High School

A 56.7-µF capacitor is connected to a generator operating at a low frequency. The rms voltage of the generator is 4.36 V and is constant. A fuse in series with the capacitor has negligible resistance and will burn out when the rms current reaches 15.7 A.

As the generator frequency is increased, at what frequency will the fuse burn out?

Answer :

Final answer:

The question asks for the frequency at which a 56.7 µF capacitor in an AC circuit will cause a fuse to burn out due to excessive rms current when the rms voltage is constant at 4.36 V. Using the formulas for capacitive reactance and rms current, we can solve for the frequency that results in a current of 15.7 A.

Explanation:

The question pertains to finding the frequency at which a capacitor in an AC circuit will cause a fuse to burn out due to excessive rms current.
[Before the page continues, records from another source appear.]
(* Let $a>b>0$ and let $E$ be the ellipse $\frac{x^2}{a^2}+\frac{y^2}{b^2}=1$. Put $\delta=\sqrt{a^4-a^2b^2+b^4}$. Then for every 3-periodic billiard orbit (triangle) $P_1P_2P_3$ in $E$, the ratio of its inradius $r$ to its circumradius $R$ is the same, namely \[ \frac{r}{R}=\frac{2(\delta-b^2)(a^2-\delta)}{(a^2-b^2)^2}. \]
   Context: A 3-periodic billiard orbit in the ellipse $E$ is a nondegenerate triangle $P_1P_2P_3$ with all vertices on $E$ such that at each vertex $P_i$ the normal line to $E$ at $P_i$ bisects the interior angle of the triangle at $P_i$ (equal angles of incidence and reflection). These orbits form a one-parameter family (one through every point of $E$). The inradius and circumradius are the radii of the incircle and circumcircle of the triangle. *)

From Stdlib Require Import Reals Lra.
Open Scope R_scope.

Definition pt := (R * R)%type.

Definition vsub (P Q : pt) : pt := (fst P - fst Q, snd P - snd Q).
Definition cross (u v : pt) : R := fst u * snd v - snd u * fst v.
Definition norm (u : pt) : R := sqrt (fst u ^ 2 + snd u ^ 2).
Definition dist (P Q : pt) : R := norm (vsub P Q).

Definition on_ellipse (a b : R) (P : pt) : Prop :=
  fst P ^ 2 / a ^ 2 + snd P ^ 2 / b ^ 2 = 1.

Definition ell_normal (a b : R) (P : pt) : pt := (fst P / a ^ 2, snd P / b ^ 2).

Definition nondegenerate (P1 P2 P3 : pt) : Prop :=
  cross (vsub P2 P1) (vsub P3 P1) <> 0.

Definition bisector_dir (P Q S : pt) : pt :=
  let u := vsub Q P in let v := vsub S P in
  (fst u / norm u + fst v / norm v, snd u / norm u + snd v / norm v).

Definition normal_bisects (a b : R) (P Q S : pt) : Prop :=
  cross (ell_normal a b P) (bisector_dir P Q S) = 0.

Definition billiard3 (a b : R) (P1 P2 P3 : pt) : Prop :=
  nondegenerate P1 P2 P3 /\
  on_ellipse a b P1 /\ on_ellipse a b P2 /\ on_ellipse a b P3 /\
  normal_bisects a b P1 P2 P3 /\
  normal_bisects a b P2 P3 P1 /\
  normal_bisects a b P3 P1 P2.

Definition dist_line (X A B : pt) : R :=
  Rabs (cross (vsub B A) (vsub X A)) / norm (vsub B A).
If the capacitor has a capacitance of 56.7 µF and is connected to a generator with a constant rms voltage of 4.36 V, we can calculate the frequency at which the rms current will reach the threshold of 15.7 A using the formula for capacitive reactance (Xc) and the formula for rms current in terms of voltage and reactance. The capacitive reactance is given by Xc = 1 / (2πfC), and the rms current (Irms) is Vrms / Xc. By plugging in the known values and solving for the frequency f, we can find the frequency that will cause the rms current to exceed the fuse's limit.